- Brief: Look through the listing below and report every line that contains "else".

- Input for this task:
(* Let $a\in[0,1)$, $q,t\in(0,1)$, $\nu>0$. For any $i,j\in\{0,1\}$ and $n_1,n_2\in\mathbb{N}$, $$\sum_{m_1,m_2\ge0}c_{m_1,m_2}\,Z^{\mathrm{left}}_a(i,j;m_1,m_2;n_1,n_2)=\sum_{m_1,m_2\ge0}c_{m_1,m_2}\,Z^{\mathrm{right}}_a(i,j;m_1,m_2;n_1,n_2),$$ where $c_{m_1,m_2}=h_{m_2}(-t;q)(-t\nu)^{m_1}h_{m_1}(-\frac{1}{\nu^2t};q)$ (only finitely many terms are nonzero).
   Context: Rogers–Szegő polynomials $h_m(x;q)=\sum_{k=0}^m\binom mk_qx^k$. Deformed boson vertices: a vertex has horizontal edges (left, right) carrying $0$ or $1$ arrow, and vertical edges (bottom, top) carrying any number $\ge0$ of arrows, with arrow conservation (left + bottom = right + top). With $m$ arrows entering from below, the ''black'' weights with rapidity $a$ are: (left 0, right 0, top $m$): $1$; (left 0, right 1, top $m-1$): $a$; (left 1, right 0, top $m+1$): $1-q^{m+1}$; (left 1, right 1, top $m$): $a$. The ''red'' weights with rapidity $a$ are: (0,0): $a$; (0,1): $1$; (1,0): $a(1-q^{m+1})$; (1,1): $1$. A boundary vertex lies on a horizontal edge, has one input and one output horizontal state, and weights with $D=(1-a\nu t)(1+a/\nu)$: (in 0, out 0): $\frac{a\nu^{-1}(1-t\nu^2)+(1-t)}{D}$; (in 0, out 1): $\frac{t(1-a^2)}{D}$; (in 1, out 0): $\frac{1-a^2}{D}$; (in 1, out 1): $\frac{a\nu^{-1}(1-t\nu^2)+a^2(1-t)}{D}$. $Z^{\mathrm{left}}_a(i,j;m_1,m_2;n_1,n_2)$ is the sum over internal horizontal edge states of the product of weights of the row consisting, from left to right, of: a horizontal input in state $i$, a boundary vertex, a black vertex with $m_2$ arrows entering from below and $n_2$ exiting at top, a black vertex with $m_1$ below and $n_1$ on top, and horizontal output in state $j$. $Z^{\mathrm{right}}_a$ is the same but with the row consisting of: input $i$, a red vertex $(m_2$ below, $n_2$ top$)$, a red vertex $(m_1,n_1)$, then a boundary vertex, output $j$. *)

From mathcomp Require Import all_boot all_order all_algebra.
Set Implicit Arguments. Unset Strict Implicit. Unset Printing Implicit Defensive.
Import Order.TTheory GRing.Theory Num.Theory.
Local Open Scope ring_scope.

Section Defs.
Variable R : realFieldType.

Definition qfact (q : R) (n : nat) : R := \prod_(i < n) (1 - q ^+ i.+1).

Definition qbinom (q : R) (m k : nat) : R :=
  if (k <= m)%N then qfact q m / (qfact q k * qfact q (m - k)) else 0.

Definition RS (m : nat) (x q : R) : R :=
  \sum_(k < m.+1) qbinom q m k * x ^+ k.

(* Black vertex: m arrows below, horizontal left l / right r, top arrows;
   weight 0 unless arrow conservation l + m = r + top holds. *)
Definition black_w (a q : R) (m : nat) (l r : bool) (top : nat) : R :=
  if (top + r == m + l)%N then
    match l, r with
    | false, false => 1
    | false, true => a
    | true, false => 1 - q ^+ m.+1
    | true, true => a
    end
  else 0.

Definition red_w (a q : R) (m : nat) (l r : bool) (top : nat) : R :=
  if (top + r == m + l)%N then
    match l, r with
    | false, false => a
    | false, true => 1
    | true, false => a * (1 - q ^+ m.+1)
    | true, true => 1
    end
  else 0.

Definition bdry_w (a t nu : R) (i j : bool) : R :=
  let D := (1 - a * nu * t) * (1 + a / nu) in
  match i, j with
  | false, false => (a / nu * (1 - t * nu ^+ 2) + (1 - t)) / D
  | false, true => t * (1 - a ^+ 2) / D
  | true, false => (1 - a ^+ 2) / D
  | true, true => (a / nu * (1 - t * nu ^+ 2) + a ^+ 2 * (1 - t)) / D
  end.

(* Row: input i, boundary vertex, black (m2,n2), black (m1,n1), output j. *)
Definition Zleft (a q t nu : R) (i j : bool) (m1 m2 n1 n2 : nat) : R :=
  \sum_(k : bool) \sum_(l : bool)
     bdry_w a t nu i k * black_w a q m2 k l n2 * black_w a q m1 l j n1.

(* Row: input i, red (m2,n2), red (m1,n1), boundary vertex, output j. *)
Definition Zright (a q t nu : R) (i j : bool) (m1 m2 n1 n2 : nat) : R :=
  \sum_(k : bool) \sum_(l : bool)
     red_w a q m2 i k n2 * red_w a q m1 k l n1 * bdry_w a t nu l j.

Definition coefc (q t nu : R) (m1 m2 : nat) : R :=
  RS m2 (- t) q * (- (t * nu)) ^+ m1 * RS m1 (- (1 / (nu ^+ 2 * t))) q.

End Defs.

From mathcomp Require Import all_boot all_order all_algebra.
From mathcomp Require Import ring zify.
Import Order.TTheory GRing.Theory Num.Theory.
Local Open Scope ring_scope.
Set Implicit Arguments. Unset Strict Implicit.

(* The coefficient c_(m1,m2) is a product coef2 m2 * coef1 m1 of a
   Rogers-Szego factor in m2 and one in m1.  Both rows consist of two
   columns (vertices) and a boundary vertex, so after summing over the
   incoming arrows m1, m2 each side factors into column sums
   sum_m coef m * W(m, l, r, n) (row_factor).  Vertex weights conserve
   arrows, hence a column sum selects the single admissible m (column_sum)
   and is an explicit multiple of coef(n-1), coef(n) or coef(n+1)
   (black_column, red_column); the same conservation shows that both
   series are supported on m1 <= n1+1, m2 <= n2+1.  What remains, in each
   of the finitely many cases for i, j and n1, n2 = 0 or positive, is a
   rational identity, which follows from the three-term recurrence
   h_(n+2) = (1+x) h_(n+1) - x (1-q^(n+1)) h_n of the Rogers-Szego
   polynomials (RS_rec), itself derived from the q-Pascal and absorption
   rules for Gaussian binomials. *)

Section QBinomial.
Variables (R : realFieldType) (q : R).
Hypothesis q_not_root : forall n, q ^+ n.+1 != 1.

Lemma qfactor_neq0 n : 1 - q ^+ n.+1 != 0.
Proof. by rewrite subr_eq0 eq_sym. Qed.

Lemma qfact0 : qfact q 0 = 1.
Proof. by rewrite /qfact big_ord0. Qed.

Lemma qfactS n : qfact q n.+1 = qfact q n * (1 - q ^+ n.+1).
Proof. by rewrite /qfact big_ord_recr. Qed.

Lemma qfact_neq0 n : qfact q n != 0.
Proof.
elim: n => [|n IHn]; first by rewrite qfact0 oner_eq0.
by rewrite qfactS mulf_neq0 // qfactor_neq0.
Qed.

Lemma qbinom0 n : qbinom q n 0 = 1.
Proof. by rewrite /qbinom subn0 qfact0 mul1r divff // qfact_neq0. Qed.

Lemma qbinomnn n : qbinom q n n = 1.
Proof. by rewrite /qbinom leqnn subnn qfact0 mulr1 divff // qfact_neq0. Qed.

Lemma qbinom_gt n k : (n < k)%N -> qbinom q n k = 0.
Proof. by move=> lt_nk; rewrite /qbinom leqNgt lt_nk. Qed.

Lemma qpascal n k :
  qbinom q n.+1 k.+1 = qbinom q n k + q ^+ k.+1 * qbinom q n k.+1.
Proof.
case: (ltngtP k n) => [lt_kn | lt_nk | ->]; last first.
- by rewrite !qbinomnn qbinom_gt // mulr0 addr0.
- by rewrite !qbinom_gt ?mulr0 ?addr0 ?ltnS // ltnW.
have [d ->] : exists d, n = (k + d).+1 by exists (n - k.+1)%N; lia.
rewrite /qbinom ifT; last by lia.
rewrite ifT; last by lia.
rewrite ifT; last by lia.
have -> : ((k + d).+2 - k.+1 = d.+1)%N by lia.
have -> : ((k + d).+1 - k = d.+1)%N by lia.
have -> : ((k + d).+1 - k.+1 = d)%N by lia.
rewrite !qfactS.
have -> : q ^+ (k + d).+2 = q ^+ k.+1 * q ^+ d.+1 by rewrite -exprD; congr (_ ^+ _); lia.
by field; rewrite !qfact_neq0 !qfactor_neq0.
Qed.

Lemma qbinom_absorb n k :
  (1 - q ^+ k.+1) * qbinom q n.+1 k.+1 = (1 - q ^+ n.+1) * qbinom q n k.
Proof.
case: (leqP k n) => [le_kn | lt_nk]; last by rewrite !qbinom_gt ?mulr0.
rewrite /qbinom le_kn ltnS le_kn subSS !qfactS.
by field; rewrite !qfact_neq0 qfactor_neq0.
Qed.

Lemma RS_nat y n : RS n y q = \sum_(0 <= k < n.+1) qbinom q n k * y ^+ k.
Proof. by rewrite /RS big_mkord. Qed.

Lemma RS0 y : RS 0 y q = 1.
Proof. by rewrite /RS big_ord1 qbinomnn mulr1. Qed.

Variable x : R.

Lemma RS_pascal n : RS n.+1 x q = x * RS n x q + RS n (q * x) q.
Proof.
rewrite !RS_nat big_nat_recl // qbinom0 expr0 mulr1.
under eq_bigr do rewrite qpascal mulrDl.
rewrite big_split /= addrCA; congr (_ + _).
  by rewrite big_distrr; apply: eq_bigr => k _; rewrite exprS mulrCA.
rewrite big_nat_recr //= qbinom_gt // mulr0 mul0r addr0.
rewrite big_nat_recl // qbinom0 !expr0 mulr1; congr (_ + _).
by apply: eq_bigr => k _; rewrite exprMn mulrA [_ * qbinom _ _ _]mulrC.
Qed.

Lemma RS_absorb n :
  RS n.+1 (q * x) q = RS n.+1 x q - (1 - q ^+ n.+1) * x * RS n x q.
Proof.
suff <- : RS n.+1 x q - RS n.+1 (q * x) q = (1 - q ^+ n.+1) * x * RS n x q.
  by ring.
rewrite !RS_nat -sumrB big_nat_recl // !expr0 subrr add0r big_distrr /=.
apply: eq_bigr => k _.
transitivity ((1 - q ^+ k.+1) * qbinom q n.+1 k.+1 * x ^+ k.+1).
  by rewrite exprMn; ring.
by rewrite qbinom_absorb [x ^+ k.+1]exprS; ring.
Qed.

Lemma RS_rec n :
  RS n.+2 x q = (1 + x) * RS n.+1 x q - x * (1 - q ^+ n.+1) * RS n x q.
Proof. rewrite RS_pascal RS_absorb; ring. Qed.

Lemma RS1 : RS 1 x q = 1 + x.
Proof. by rewrite RS_pascal !RS0; ring. Qed.

End QBinomial.

Definition conserving (R : realFieldType)
    (W : nat -> bool -> bool -> nat -> R) : Prop :=
  forall m l r n, W m l r n != 0 -> (n + r = m + l)%N.

Section Columns.
Variable R : realFieldType.

Lemma black_conserving a q : conserving (black_w (R:=R) a q).
Proof. by move=> m l r n; rewrite /black_w; case: ifP => [/eqP | _]; rewrite ?eqxx. Qed.

Lemma red_conserving a q : conserving (red_w (R:=R) a q).
Proof. by move=> m l r n; rewrite /red_w; case: ifP => [/eqP | _]; rewrite ?eqxx. Qed.

Variable W : nat -> bool -> bool -> nat -> R.
Hypothesis W_conserving : conserving W.

Lemma conserving_gt m l r n : (n.+1 < m)%N -> W m l r n = 0.
Proof.
move=> lt_nm; apply/eqP; apply: contraTT lt_nm => /W_conserving.
by case: l; case: r => /=; lia.
Qed.

Lemma column_sum (F : nat -> R) n l r :
  \sum_(m < n.+2) F m * W m l r n =
  if (l <= n + r)%N then F (n + r - l)%N * W (n + r - l)%N l r n else 0.
Proof.
case: leqP => [le_l | lt_l].
  have lt_m0 : (n + r - l < n.+2)%N by case: l r {le_l} => [] [] /=; lia.
  rewrite (bigD1 (Ordinal lt_m0)) //= big1 ?addr0 // => m /eqP ne_m.
  have [-> | /W_conserving eq_m] := eqVneq (W m l r n) 0; first by rewrite mulr0.
  by case: ne_m; apply: val_inj => /=; lia.
apply: big1 => m _.
have [-> | /W_conserving] := eqVneq (W m l r n) 0; [by rewrite mulr0 | lia].
Qed.

End Columns.

Section ConcreteColumns.
Variables (R : realFieldType) (a q : R) (F : nat -> R).

Lemma black_column n l r :
  \sum_(m < n.+2) F m * black_w a q m l r n =
  match l, r with
  | false, false => F n
  | false, true => F n.+1 * a
  | true, true => F n * a
  | true, false => if n is n'.+1 then F n' * (1 - q ^+ n'.+1) else 0
  end.
Proof.
rewrite column_sum; last exact: black_conserving.
by case: l r => [] []; case: n => [|n];
  rewrite /black_w ?addn0 ?addn1 ?subn0 ?subn1 //= ?eqxx ?mulr1.
Qed.

Lemma red_column n l r :
  \sum_(m < n.+2) F m * red_w a q m l r n =
  match l, r with
  | false, false => F n * a
  | false, true => F n.+1
  | true, true => F n
  | true, false => if n is n'.+1 then F n' * (a * (1 - q ^+ n'.+1)) else 0
  end.
Proof.
rewrite column_sum; last exact: red_conserving.
by case: l r => [] []; case: n => [|n];
  rewrite /red_w ?addn0 ?addn1 ?subn0 ?subn1 //= ?eqxx ?mulr1.
Qed.

End ConcreteColumns.

Definition coef2 (R : realFieldType) (q t : R) (m : nat) : R := RS m (- t) q.

Definition coef1 (R : realFieldType) (q t nu : R) (m : nat) : R :=
  (- (t * nu)) ^+ m * RS m (- (1 / (nu ^+ 2 * t))) q.

Lemma coefc_split (R : realFieldType) (q t nu : R) m1 m2 :
  coefc q t nu m1 m2 = coef2 q t m2 * coef1 q t nu m1.
Proof. by rewrite /coefc mulrA. Qed.

Section RowFactor.
Variables (R : realFieldType) (N1 N2 : nat) (f g : nat -> R).

Lemma mulr_sum2 (x : R) (A : 'I_N2 -> R) (B : 'I_N1 -> R) :
  x * (\sum_(m2 < N2) A m2) * (\sum_(m1 < N1) B m1) =
  \sum_(m1 < N1) \sum_(m2 < N2) x * A m2 * B m1.
Proof.
rewrite big_distrr; apply: eq_bigr => m1 _.
by rewrite big_distrr big_distrl; apply: eq_bigr => m2 _.
Qed.

Lemma row_factor (X : bool -> bool -> R) (Y Z : nat -> bool -> bool -> R) :
  \sum_(m1 < N1) \sum_(m2 < N2)
     f m2 * g m1 * (\sum_(k : bool) \sum_(l : bool) X k l * Y m2 k l * Z m1 k l) =
  \sum_(k : bool) \sum_(l : bool)
     X k l * (\sum_(m2 < N2) f m2 * Y m2 k l) * (\sum_(m1 < N1) g m1 * Z m1 k l).
Proof.
rewrite !big_bool /= !mulr_sum2 -!big_split /=; apply: eq_bigr => m1 _.
by rewrite -!big_split /=; apply: eq_bigr => m2 _; rewrite !big_bool /=; ring.
Qed.

End RowFactor.

Section Rows.
Variables (R : realFieldType) (a q t nu : R) (i j : bool) (n1 n2 : nat).

Lemma Zleft_out m1 m2 :
  (n1.+1 < m1)%N || (n2.+1 < m2)%N -> Zleft a q t nu i j m1 m2 n1 n2 = 0.
Proof.
move=> /orP [] lt_m; apply: big1 => k _; apply: big1 => l _.
  by rewrite (conserving_gt (@black_conserving R a q) _ _ lt_m) mulr0.
by rewrite (conserving_gt (@black_conserving R a q) _ _ lt_m) !(mulr0, mul0r).
Qed.

Lemma Zright_out m1 m2 :
  (n1.+1 < m1)%N || (n2.+1 < m2)%N -> Zright a q t nu i j m1 m2 n1 n2 = 0.
Proof.
move=> /orP [] lt_m; apply: big1 => k _; apply: big1 => l _.
  by rewrite (conserving_gt (@red_conserving R a q) _ _ lt_m) !(mulr0, mul0r).
by rewrite (conserving_gt (@red_conserving R a q) _ _ lt_m) !(mulr0, mul0r).
Qed.

Lemma Zleft_factor :
  \sum_(m1 < n1.+2) \sum_(m2 < n2.+2)
     coefc q t nu m1 m2 * Zleft a q t nu i j m1 m2 n1 n2 =
  \sum_(k : bool) \sum_(l : bool) bdry_w a t nu i k *
     (\sum_(m2 < n2.+2) coef2 q t m2 * black_w a q m2 k l n2) *
     (\sum_(m1 < n1.+2) coef1 q t nu m1 * black_w a q m1 l j n1).
Proof.
rewrite -(row_factor _ _ _ _ (fun k l => bdry_w a t nu i k)
  (fun m2 k l => black_w a q m2 k l n2) (fun m1 k l => black_w a q m1 l j n1)).
by apply: eq_bigr => m1 _; apply: eq_bigr => m2 _; rewrite coefc_split.
Qed.

Lemma Zright_factor :
  \sum_(m1 < n1.+2) \sum_(m2 < n2.+2)
     coefc q t nu m1 m2 * Zright a q t nu i j m1 m2 n1 n2 =
  \sum_(k : bool) \sum_(l : bool) bdry_w a t nu l j *
     (\sum_(m2 < n2.+2) coef2 q t m2 * red_w a q m2 i k n2) *
     (\sum_(m1 < n1.+2) coef1 q t nu m1 * red_w a q m1 k l n1).
Proof.
rewrite -(row_factor _ _ _ _ (fun k l => bdry_w a t nu l j)
  (fun m2 k l => red_w a q m2 i k n2) (fun m1 k l => red_w a q m1 k l n1)).
apply: eq_bigr => m1 _; apply: eq_bigr => m2 _; rewrite coefc_split /Zright.
by congr (_ * _); apply: eq_bigr => k _; apply: eq_bigr => l _; rewrite mulrC mulrA.
Qed.

(* The local identity behind the lemma: after the column sums are
   evaluated, the two sides agree by the three-term recurrence of the
   Rogers-Szego polynomials; the boundary normalisation 1/D is arbitrary. *)
Lemma boundary_exchange :
  (forall n, q ^+ n.+1 != 1) -> t != 0 -> nu != 0 ->
  \sum_(k : bool) \sum_(l : bool) bdry_w a t nu i k *
     (\sum_(m2 < n2.+2) coef2 q t m2 * black_w a q m2 k l n2) *
     (\sum_(m1 < n1.+2) coef1 q t nu m1 * black_w a q m1 l j n1) =
  \sum_(k : bool) \sum_(l : bool) bdry_w a t nu l j *
     (\sum_(m2 < n2.+2) coef2 q t m2 * red_w a q m2 i k n2) *
     (\sum_(m1 < n1.+2) coef1 q t nu m1 * red_w a q m1 k l n1).
Proof.
move=> q_not_root t_neq0 nu_neq0.
rewrite !big_bool /= !black_column !red_column /coef1 /coef2 /bdry_w.
case: i j n1 n2 => [] [] [|p1] [|p2];
  rewrite ?RS_rec ?RS1 ?RS0 // !exprS ?expr0;
  move: ((1 - a * nu * t) * (1 + a / nu))^-1 => z;
  by field; rewrite t_neq0 nu_neq0.
Qed.

End Rows.

(* Both series over m1, m2 >= 0 have support in m1 <= n1+1, m2 <= n2+1
   (first conjunct), so they equal the finite sums in the second conjunct. *)
Theorem lemma2p7 (R : realFieldType) (a q t nu : R) :
  0 <= a -> a < 1 -> 0 < q -> q < 1 -> 0 < t -> t < 1 -> 0 < nu ->
  forall (i j : bool) (n1 n2 : nat),
    (forall m1 m2 : nat, (n1.+1 < m1)%N || (n2.+1 < m2)%N ->
       coefc q t nu m1 m2 * Zleft a q t nu i j m1 m2 n1 n2 = 0 /\
       coefc q t nu m1 m2 * Zright a q t nu i j m1 m2 n1 n2 = 0) /\
    \sum_(m1 < n1.+2) \sum_(m2 < n2.+2)
       coefc q t nu m1 m2 * Zleft a q t nu i j m1 m2 n1 n2 =
    \sum_(m1 < n1.+2) \sum_(m2 < n2.+2)
       coefc q t nu m1 m2 * Zright a q t nu i j m1 m2 n1 n2.
Proof.
move=> _ _ q_gt0 q_lt1 t_gt0 _ nu_gt0 i j n1 n2; split.
  by move=> m1 m2 out; rewrite Zleft_out // Zright_out // mulr0.
have q_not_root n : q ^+ n.+1 != 1 by rewrite lt_eqF // exprn_ilt1 // ltW.
rewrite Zleft_factor Zright_factor.
by apply: boundary_exchange; rewrite // gt_eqF.
Qed.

- Answer box:
  if (k <= m)%N then qfact q m / (qfact q k * qfact q (m - k)) else 0.
  else 0.
  else 0.
  if (l <= n + r)%N then F (n + r - l)%N * W (n + r - l)%N l r n else 0.
  | true, false => if n is n'.+1 then F n' * (1 - q ^+ n'.+1) else 0
  | true, false => if n is n'.+1 then F n' * (a * (1 - q ^+ n'.+1)) else 0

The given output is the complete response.